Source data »
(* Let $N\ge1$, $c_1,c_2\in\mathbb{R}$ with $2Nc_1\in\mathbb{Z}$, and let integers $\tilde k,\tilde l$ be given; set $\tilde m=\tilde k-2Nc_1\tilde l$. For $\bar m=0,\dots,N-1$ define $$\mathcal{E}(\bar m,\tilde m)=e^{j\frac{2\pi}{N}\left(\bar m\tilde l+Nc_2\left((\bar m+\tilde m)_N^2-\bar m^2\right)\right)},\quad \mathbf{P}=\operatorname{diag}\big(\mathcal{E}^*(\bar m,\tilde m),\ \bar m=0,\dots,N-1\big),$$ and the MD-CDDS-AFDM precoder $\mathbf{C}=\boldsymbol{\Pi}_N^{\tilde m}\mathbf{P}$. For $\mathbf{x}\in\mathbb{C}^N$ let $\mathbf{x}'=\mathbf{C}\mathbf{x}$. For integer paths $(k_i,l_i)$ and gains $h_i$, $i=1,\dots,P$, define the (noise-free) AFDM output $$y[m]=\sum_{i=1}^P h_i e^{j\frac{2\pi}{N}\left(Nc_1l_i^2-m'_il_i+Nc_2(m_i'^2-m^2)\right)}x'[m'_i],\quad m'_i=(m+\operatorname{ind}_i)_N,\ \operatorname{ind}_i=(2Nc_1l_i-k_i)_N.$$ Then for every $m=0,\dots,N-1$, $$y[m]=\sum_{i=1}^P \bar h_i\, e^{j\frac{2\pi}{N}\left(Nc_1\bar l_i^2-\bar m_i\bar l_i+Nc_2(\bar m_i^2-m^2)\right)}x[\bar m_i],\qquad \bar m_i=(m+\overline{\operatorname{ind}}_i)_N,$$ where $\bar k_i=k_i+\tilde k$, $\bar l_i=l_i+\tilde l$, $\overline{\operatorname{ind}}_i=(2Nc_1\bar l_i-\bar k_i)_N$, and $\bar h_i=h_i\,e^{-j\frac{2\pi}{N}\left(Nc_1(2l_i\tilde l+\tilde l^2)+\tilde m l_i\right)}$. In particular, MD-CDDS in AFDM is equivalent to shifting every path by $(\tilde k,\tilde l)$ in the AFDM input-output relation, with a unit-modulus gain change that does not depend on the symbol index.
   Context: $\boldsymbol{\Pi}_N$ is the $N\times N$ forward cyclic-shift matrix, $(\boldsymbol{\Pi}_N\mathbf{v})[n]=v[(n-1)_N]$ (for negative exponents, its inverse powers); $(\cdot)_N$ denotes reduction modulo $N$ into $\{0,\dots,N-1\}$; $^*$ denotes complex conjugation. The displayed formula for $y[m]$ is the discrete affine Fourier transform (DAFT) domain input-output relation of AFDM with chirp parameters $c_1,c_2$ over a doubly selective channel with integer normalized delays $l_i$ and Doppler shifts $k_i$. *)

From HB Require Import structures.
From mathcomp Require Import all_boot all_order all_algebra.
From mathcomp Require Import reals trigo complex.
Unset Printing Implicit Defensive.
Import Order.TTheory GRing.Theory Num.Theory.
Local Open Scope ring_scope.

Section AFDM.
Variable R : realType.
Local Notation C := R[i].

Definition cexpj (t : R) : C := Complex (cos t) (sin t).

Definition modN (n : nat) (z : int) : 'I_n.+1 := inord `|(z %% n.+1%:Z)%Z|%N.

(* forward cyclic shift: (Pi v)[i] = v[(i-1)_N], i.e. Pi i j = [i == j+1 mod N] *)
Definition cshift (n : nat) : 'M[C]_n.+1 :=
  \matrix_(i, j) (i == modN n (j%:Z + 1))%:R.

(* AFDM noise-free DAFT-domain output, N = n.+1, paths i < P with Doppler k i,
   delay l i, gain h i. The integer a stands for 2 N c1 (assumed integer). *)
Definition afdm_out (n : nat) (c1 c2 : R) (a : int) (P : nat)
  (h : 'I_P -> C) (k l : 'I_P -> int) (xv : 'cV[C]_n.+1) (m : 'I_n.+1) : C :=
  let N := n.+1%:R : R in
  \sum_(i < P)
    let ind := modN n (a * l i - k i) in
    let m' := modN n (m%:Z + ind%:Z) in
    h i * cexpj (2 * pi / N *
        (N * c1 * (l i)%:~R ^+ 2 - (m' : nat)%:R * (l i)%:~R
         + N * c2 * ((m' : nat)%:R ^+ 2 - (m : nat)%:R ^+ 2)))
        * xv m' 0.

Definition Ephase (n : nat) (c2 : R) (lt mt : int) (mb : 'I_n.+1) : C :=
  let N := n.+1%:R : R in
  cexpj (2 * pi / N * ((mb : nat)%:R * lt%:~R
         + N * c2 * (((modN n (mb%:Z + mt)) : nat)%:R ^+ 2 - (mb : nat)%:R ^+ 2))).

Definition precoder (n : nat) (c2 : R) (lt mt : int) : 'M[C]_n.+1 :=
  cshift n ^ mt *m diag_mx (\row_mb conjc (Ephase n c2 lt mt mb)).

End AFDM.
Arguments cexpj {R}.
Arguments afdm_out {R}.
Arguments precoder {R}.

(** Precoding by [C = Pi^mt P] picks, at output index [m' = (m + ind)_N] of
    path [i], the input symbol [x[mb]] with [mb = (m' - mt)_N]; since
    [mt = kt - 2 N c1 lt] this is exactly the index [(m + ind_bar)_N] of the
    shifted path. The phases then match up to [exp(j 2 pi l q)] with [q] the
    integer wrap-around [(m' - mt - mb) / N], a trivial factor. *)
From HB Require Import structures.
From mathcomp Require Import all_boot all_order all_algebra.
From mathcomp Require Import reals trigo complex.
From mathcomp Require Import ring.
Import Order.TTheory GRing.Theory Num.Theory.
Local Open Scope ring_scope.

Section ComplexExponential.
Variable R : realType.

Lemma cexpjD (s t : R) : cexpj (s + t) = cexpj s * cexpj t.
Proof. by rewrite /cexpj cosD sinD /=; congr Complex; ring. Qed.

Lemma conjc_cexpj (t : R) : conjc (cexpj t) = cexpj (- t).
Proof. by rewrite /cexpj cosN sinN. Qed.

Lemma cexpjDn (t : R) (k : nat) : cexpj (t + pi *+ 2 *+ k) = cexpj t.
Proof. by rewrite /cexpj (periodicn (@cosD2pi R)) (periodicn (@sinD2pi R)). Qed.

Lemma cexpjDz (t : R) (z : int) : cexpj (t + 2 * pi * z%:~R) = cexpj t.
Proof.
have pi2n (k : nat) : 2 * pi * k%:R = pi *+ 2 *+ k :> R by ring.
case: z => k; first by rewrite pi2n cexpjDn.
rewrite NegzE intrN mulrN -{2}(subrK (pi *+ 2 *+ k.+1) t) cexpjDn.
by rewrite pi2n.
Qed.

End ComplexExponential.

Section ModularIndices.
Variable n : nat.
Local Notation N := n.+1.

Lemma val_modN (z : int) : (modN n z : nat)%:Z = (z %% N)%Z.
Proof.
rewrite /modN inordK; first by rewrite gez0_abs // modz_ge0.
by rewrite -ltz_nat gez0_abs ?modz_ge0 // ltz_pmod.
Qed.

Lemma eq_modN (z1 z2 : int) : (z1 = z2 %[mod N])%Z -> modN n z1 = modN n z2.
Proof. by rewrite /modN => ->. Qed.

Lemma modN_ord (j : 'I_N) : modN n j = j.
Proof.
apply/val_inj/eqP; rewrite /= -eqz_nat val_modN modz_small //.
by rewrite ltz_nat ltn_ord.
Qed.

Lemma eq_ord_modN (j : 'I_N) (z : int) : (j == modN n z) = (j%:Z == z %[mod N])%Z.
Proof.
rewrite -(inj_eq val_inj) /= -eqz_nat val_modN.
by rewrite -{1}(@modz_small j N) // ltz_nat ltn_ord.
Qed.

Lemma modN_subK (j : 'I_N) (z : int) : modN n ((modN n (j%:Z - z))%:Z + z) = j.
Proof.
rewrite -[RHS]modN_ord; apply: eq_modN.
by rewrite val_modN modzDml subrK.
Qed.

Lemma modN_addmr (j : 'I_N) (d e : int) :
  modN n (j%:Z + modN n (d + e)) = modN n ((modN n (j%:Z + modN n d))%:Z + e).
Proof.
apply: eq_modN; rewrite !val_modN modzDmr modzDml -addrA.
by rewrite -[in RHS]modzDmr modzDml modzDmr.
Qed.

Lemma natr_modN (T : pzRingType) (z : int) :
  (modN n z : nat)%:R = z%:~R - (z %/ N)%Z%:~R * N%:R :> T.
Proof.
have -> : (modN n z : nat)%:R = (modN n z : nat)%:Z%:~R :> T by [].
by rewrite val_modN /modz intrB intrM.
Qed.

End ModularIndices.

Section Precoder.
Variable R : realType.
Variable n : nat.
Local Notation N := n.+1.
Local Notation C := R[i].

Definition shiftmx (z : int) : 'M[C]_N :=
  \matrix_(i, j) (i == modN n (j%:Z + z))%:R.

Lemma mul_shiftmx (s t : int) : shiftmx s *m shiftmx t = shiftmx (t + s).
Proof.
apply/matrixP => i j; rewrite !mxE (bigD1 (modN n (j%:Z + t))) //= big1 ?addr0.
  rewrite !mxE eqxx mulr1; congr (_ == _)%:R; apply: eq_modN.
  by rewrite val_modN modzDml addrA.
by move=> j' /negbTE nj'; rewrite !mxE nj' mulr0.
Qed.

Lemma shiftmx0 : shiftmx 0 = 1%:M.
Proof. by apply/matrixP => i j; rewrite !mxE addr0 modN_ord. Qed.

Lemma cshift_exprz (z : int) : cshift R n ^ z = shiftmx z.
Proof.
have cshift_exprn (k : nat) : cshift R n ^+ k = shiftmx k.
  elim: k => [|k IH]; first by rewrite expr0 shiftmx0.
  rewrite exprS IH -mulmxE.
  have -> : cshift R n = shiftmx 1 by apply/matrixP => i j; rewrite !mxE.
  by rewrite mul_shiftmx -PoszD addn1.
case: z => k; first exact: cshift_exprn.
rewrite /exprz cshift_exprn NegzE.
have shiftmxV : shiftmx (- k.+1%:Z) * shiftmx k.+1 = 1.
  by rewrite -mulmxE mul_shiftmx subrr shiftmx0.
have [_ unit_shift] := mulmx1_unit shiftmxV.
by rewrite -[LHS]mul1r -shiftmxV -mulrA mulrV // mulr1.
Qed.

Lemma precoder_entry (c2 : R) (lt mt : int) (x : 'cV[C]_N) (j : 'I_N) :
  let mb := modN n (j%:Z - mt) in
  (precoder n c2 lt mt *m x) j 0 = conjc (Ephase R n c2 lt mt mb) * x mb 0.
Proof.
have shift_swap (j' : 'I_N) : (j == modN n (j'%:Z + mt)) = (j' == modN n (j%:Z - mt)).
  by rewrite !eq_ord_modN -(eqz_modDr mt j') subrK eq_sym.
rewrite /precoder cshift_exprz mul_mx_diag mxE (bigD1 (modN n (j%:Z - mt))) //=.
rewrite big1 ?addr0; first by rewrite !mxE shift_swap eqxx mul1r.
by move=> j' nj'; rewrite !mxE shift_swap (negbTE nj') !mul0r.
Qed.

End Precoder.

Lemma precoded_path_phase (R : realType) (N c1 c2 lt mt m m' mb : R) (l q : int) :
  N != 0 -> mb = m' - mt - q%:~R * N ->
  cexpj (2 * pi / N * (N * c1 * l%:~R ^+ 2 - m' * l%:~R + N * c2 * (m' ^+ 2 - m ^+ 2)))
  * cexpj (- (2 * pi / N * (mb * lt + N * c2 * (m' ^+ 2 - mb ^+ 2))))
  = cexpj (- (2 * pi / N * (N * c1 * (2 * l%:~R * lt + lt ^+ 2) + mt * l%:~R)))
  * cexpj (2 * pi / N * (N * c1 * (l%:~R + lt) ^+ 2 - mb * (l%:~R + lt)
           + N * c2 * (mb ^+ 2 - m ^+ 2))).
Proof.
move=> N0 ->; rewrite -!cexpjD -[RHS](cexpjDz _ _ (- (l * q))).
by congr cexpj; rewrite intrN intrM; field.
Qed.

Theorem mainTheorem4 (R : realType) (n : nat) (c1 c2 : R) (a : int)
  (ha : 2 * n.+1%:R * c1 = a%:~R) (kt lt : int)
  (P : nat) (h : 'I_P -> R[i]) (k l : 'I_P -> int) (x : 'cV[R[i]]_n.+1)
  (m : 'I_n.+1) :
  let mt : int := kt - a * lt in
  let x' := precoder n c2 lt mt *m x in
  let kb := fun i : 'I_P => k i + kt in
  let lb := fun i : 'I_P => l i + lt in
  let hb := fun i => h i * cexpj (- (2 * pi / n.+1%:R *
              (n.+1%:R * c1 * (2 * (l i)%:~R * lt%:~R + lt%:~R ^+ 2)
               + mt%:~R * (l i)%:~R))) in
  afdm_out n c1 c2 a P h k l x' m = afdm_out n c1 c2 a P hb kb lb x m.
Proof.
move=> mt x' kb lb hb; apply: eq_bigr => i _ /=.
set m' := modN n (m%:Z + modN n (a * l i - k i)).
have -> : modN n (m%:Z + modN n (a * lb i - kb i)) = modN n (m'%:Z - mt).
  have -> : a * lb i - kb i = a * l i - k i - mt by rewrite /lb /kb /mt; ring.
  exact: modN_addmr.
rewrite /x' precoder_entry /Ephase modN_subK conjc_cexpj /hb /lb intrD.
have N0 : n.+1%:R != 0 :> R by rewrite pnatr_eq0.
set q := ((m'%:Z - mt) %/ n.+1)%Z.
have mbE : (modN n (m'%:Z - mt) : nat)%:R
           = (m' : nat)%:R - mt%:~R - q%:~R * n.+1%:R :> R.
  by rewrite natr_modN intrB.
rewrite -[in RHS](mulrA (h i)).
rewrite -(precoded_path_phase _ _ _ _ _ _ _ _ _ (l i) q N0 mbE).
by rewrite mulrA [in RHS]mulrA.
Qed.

Exercise details » I'd like the lines above from the one with "let kb := fun i : 'I_P => k i + kt in" up to and including the one with "have -> : modN" copied exactly, with no other lines.

Written reply »
  let kb := fun i : 'I_P => k i + kt in
  let lb := fun i : 'I_P => l i + lt in
  let hb := fun i => h i * cexpj (- (2 * pi / n.+1%:R *
              (n.+1%:R * c1 * (2 * (l i)%:~R * lt%:~R + lt%:~R ^+ 2)
               + mt%:~R * (l i)%:~R))) in
  afdm_out n c1 c2 a P h k l x' m = afdm_out n c1 c2 a P hb kb lb x m.
Proof.
move=> mt x' kb lb hb; apply: eq_bigr => i _ /=.
set m' := modN n (m%:Z + modN n (a * l i - k i)).
have -> : modN n (m%:Z + modN n (a * lb i - kb i)) = modN n (m'%:Z - mt).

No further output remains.